• _Exercise instructions_: Your task is to copy every line of the entries that contains "pose".

● ● ● ● ● ● ●

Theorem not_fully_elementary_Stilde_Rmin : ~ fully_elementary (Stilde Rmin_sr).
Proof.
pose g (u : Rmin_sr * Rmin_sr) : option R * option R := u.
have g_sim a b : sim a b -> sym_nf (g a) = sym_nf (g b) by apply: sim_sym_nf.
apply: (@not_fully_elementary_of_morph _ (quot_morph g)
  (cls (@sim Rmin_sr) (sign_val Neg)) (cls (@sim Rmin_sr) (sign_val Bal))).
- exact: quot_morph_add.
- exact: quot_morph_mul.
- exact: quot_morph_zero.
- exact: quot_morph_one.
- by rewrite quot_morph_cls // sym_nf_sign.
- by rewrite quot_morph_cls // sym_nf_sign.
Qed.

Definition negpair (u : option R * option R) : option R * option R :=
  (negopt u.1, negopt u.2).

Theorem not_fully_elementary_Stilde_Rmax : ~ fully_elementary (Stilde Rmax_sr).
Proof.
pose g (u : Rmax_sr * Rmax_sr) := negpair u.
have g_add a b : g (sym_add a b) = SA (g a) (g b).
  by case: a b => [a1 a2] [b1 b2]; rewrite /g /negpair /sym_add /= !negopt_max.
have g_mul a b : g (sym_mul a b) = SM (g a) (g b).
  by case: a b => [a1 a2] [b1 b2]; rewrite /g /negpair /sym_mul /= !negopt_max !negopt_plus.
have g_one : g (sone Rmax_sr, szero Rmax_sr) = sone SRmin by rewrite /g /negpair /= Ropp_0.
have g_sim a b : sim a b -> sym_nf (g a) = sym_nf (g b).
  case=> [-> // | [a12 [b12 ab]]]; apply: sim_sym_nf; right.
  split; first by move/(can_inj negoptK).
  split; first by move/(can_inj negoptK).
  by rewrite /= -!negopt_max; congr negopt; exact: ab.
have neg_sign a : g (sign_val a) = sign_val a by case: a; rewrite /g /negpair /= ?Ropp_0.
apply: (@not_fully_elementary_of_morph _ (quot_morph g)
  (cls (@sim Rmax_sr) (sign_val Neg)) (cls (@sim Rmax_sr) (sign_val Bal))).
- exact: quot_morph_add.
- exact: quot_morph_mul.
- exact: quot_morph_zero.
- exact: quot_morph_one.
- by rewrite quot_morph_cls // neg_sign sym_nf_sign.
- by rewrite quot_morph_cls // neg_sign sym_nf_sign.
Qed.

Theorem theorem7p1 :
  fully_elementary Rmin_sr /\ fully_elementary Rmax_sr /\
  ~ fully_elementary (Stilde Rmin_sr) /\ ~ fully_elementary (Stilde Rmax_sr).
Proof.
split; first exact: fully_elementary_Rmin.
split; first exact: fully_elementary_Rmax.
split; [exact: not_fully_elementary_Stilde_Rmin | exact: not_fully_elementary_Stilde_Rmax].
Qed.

● ● ● ● ● ● ●

• _Written answer_:
pose g (u : Rmin_sr * Rmin_sr) : option R * option R := u.
pose g (u : Rmax_sr * Rmax_sr) := negpair u.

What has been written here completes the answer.